Stored items
——————————
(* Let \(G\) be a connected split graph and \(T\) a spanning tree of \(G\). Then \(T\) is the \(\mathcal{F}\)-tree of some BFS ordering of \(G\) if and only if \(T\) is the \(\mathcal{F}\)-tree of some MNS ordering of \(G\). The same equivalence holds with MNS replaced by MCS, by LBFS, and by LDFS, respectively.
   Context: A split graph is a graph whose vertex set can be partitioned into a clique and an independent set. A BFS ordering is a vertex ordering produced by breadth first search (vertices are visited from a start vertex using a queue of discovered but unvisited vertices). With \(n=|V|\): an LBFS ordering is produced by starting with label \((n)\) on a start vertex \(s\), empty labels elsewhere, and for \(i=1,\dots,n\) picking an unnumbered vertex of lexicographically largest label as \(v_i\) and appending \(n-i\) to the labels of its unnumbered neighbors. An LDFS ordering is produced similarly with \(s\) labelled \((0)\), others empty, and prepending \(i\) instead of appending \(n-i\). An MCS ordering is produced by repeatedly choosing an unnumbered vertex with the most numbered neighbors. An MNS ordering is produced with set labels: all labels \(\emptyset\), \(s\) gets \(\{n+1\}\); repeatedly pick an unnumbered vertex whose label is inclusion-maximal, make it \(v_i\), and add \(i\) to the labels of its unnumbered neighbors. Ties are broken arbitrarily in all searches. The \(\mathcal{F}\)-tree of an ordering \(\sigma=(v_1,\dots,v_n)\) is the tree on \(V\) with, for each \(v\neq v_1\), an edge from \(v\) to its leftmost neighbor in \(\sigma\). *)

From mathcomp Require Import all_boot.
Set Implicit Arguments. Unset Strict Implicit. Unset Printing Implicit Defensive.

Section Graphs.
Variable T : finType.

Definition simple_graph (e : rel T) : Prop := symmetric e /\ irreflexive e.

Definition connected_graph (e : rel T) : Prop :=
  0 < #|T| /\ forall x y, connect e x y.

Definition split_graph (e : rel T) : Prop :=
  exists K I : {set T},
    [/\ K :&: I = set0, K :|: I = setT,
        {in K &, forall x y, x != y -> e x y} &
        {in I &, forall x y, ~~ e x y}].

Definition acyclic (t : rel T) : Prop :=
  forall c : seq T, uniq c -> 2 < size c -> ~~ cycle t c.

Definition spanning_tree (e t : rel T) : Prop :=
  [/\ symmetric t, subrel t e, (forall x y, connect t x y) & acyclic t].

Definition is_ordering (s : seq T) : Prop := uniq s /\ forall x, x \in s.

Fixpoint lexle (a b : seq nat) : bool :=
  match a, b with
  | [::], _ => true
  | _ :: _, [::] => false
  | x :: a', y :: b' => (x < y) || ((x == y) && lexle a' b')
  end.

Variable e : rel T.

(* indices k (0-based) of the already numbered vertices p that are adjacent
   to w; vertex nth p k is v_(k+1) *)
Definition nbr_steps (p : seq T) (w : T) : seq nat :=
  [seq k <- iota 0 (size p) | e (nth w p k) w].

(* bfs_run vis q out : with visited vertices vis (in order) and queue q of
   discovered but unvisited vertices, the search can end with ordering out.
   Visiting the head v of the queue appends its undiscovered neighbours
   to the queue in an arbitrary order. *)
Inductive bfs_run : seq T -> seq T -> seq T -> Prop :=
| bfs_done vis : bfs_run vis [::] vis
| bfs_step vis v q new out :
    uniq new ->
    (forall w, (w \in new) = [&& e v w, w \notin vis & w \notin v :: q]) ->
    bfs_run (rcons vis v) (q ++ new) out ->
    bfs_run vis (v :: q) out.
——————————
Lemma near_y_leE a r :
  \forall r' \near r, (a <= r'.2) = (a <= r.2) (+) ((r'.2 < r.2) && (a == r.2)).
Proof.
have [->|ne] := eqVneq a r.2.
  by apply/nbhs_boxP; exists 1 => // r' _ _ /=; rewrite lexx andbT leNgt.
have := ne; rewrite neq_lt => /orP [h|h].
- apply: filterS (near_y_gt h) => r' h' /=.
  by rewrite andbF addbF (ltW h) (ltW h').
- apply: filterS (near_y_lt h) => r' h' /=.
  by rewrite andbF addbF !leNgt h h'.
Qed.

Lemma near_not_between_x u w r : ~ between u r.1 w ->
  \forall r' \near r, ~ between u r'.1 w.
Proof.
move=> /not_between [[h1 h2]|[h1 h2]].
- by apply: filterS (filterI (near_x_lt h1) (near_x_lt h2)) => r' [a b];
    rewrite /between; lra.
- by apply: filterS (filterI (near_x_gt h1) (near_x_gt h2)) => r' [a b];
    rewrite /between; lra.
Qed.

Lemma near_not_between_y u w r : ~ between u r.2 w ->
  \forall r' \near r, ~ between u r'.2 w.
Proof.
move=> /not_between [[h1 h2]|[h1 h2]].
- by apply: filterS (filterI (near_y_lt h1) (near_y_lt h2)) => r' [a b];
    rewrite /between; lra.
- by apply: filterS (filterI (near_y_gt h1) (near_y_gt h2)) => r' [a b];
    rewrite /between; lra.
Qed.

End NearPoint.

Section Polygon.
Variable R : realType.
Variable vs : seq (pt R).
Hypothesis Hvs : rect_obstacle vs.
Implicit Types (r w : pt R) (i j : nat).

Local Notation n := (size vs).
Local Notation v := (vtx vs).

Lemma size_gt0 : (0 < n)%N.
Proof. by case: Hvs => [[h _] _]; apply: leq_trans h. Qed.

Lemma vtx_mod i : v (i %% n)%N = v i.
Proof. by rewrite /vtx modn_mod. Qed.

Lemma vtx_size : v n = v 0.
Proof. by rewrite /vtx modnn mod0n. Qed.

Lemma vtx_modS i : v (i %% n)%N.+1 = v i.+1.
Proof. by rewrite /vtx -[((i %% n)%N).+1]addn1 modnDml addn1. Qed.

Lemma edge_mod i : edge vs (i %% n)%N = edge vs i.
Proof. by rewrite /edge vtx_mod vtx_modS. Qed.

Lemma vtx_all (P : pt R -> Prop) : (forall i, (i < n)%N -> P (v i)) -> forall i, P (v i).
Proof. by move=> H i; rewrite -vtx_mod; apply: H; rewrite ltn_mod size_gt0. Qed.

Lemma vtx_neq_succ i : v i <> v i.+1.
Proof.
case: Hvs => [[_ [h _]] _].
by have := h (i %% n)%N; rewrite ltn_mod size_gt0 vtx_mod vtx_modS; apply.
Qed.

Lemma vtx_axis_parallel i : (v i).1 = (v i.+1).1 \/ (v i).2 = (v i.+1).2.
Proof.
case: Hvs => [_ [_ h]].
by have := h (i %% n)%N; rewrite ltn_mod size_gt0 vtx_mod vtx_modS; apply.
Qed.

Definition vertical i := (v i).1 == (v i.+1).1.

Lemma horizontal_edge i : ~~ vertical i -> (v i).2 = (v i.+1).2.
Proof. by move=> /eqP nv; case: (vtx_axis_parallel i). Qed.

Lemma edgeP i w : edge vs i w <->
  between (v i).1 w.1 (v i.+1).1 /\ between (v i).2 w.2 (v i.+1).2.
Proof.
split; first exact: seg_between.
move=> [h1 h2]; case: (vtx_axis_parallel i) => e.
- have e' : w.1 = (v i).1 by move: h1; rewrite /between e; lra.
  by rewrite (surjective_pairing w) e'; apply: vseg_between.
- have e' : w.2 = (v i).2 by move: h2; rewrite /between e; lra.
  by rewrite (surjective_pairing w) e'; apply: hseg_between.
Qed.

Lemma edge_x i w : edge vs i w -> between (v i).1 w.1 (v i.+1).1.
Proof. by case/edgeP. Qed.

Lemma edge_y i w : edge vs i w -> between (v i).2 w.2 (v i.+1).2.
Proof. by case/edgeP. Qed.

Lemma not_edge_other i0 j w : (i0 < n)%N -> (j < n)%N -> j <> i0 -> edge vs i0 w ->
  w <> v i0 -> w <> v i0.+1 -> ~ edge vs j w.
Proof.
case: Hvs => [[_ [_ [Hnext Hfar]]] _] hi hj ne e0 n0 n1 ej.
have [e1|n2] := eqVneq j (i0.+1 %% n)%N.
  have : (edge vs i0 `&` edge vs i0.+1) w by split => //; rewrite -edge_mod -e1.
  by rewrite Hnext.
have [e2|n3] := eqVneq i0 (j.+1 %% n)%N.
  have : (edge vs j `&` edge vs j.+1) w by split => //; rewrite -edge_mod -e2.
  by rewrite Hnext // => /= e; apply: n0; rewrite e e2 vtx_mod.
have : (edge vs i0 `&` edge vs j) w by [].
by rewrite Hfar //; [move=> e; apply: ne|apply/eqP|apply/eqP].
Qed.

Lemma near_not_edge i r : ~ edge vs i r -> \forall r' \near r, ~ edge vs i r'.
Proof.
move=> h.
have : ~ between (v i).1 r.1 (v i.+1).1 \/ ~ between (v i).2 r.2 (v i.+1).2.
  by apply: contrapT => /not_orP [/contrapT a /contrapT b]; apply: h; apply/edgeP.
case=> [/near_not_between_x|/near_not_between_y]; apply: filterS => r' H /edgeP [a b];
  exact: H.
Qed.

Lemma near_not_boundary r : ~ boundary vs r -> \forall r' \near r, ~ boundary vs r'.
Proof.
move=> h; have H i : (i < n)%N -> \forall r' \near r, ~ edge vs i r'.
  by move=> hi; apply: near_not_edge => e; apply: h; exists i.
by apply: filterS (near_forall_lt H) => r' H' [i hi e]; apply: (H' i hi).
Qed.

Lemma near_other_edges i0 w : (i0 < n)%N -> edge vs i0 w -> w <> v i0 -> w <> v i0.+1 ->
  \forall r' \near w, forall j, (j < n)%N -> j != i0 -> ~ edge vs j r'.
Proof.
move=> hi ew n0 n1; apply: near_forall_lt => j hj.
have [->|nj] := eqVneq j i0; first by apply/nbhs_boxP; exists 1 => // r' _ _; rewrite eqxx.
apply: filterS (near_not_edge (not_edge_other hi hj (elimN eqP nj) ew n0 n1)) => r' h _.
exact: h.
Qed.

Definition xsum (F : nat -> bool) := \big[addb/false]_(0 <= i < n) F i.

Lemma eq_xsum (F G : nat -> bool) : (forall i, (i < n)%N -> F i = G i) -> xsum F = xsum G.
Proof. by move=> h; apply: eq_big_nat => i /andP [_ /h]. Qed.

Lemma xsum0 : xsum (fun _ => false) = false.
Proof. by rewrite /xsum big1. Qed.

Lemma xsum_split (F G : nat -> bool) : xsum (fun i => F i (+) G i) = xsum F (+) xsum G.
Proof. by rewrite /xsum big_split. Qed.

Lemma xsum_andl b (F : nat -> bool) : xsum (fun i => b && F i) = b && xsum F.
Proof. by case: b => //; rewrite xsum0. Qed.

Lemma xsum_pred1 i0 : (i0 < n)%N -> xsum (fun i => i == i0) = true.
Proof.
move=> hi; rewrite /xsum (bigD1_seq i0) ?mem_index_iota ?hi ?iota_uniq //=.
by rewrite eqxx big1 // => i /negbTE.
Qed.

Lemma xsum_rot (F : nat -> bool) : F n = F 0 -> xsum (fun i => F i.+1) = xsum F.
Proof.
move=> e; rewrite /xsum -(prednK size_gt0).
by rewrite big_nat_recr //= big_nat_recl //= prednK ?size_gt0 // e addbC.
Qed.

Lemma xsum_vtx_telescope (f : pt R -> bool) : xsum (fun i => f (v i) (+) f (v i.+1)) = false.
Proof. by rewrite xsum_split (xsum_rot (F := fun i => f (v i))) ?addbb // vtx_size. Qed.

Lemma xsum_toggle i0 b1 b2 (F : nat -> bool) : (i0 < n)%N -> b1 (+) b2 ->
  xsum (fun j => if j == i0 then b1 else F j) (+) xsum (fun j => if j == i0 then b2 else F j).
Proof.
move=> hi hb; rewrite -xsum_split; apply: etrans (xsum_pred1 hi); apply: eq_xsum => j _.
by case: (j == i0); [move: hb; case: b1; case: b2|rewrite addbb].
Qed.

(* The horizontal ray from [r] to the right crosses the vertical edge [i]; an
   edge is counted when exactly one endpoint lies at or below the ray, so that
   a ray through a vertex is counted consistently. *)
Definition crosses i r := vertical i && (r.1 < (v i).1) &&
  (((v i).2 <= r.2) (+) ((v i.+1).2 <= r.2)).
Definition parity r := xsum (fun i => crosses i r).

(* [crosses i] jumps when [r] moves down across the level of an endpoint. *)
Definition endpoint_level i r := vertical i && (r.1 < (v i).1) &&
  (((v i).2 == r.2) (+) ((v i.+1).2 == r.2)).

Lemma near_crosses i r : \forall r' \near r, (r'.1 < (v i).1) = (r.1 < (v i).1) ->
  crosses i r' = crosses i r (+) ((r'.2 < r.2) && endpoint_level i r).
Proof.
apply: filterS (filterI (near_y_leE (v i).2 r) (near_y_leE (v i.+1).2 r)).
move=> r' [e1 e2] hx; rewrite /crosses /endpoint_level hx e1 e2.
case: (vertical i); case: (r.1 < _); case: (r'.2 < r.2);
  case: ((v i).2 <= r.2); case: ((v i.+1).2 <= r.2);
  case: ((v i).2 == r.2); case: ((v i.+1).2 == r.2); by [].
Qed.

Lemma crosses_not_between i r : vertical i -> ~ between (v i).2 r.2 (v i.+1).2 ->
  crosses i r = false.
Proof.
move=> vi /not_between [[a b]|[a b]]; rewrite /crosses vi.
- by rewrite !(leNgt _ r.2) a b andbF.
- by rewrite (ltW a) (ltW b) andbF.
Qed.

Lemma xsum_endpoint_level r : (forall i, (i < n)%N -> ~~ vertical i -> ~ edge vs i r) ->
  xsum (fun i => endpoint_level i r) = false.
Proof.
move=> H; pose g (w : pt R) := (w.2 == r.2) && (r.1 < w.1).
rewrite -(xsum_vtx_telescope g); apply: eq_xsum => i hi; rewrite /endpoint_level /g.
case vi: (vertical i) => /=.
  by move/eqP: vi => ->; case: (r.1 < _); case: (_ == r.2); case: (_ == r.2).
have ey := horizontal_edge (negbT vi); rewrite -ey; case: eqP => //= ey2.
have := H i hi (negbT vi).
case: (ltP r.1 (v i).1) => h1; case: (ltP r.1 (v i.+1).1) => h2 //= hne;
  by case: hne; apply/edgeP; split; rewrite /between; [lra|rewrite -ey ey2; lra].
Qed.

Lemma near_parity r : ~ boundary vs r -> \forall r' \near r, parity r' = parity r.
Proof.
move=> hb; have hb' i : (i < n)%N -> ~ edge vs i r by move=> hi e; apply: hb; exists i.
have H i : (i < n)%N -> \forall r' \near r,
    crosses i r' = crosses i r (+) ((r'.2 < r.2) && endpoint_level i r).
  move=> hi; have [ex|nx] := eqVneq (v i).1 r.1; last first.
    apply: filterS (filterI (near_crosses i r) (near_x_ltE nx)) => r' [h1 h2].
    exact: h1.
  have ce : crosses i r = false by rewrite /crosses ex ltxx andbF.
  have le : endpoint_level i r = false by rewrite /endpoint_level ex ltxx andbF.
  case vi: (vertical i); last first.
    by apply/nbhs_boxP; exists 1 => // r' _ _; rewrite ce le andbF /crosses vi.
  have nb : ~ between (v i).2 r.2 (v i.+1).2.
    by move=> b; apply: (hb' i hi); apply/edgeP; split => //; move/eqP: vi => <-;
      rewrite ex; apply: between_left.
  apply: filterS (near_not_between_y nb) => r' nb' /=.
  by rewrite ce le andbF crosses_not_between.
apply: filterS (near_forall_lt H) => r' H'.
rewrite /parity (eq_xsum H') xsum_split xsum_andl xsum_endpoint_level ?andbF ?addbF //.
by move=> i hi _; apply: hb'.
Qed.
——————————
Please find all lines of the entries that hold the string "leNgt" and copy them.

  by apply/nbhs_boxP; exists 1 => // r' _ _ /=; rewrite lexx andbT leNgt.
  by rewrite andbF addbF !leNgt h h'.
- by rewrite !(leNgt _ r.2) a b andbF.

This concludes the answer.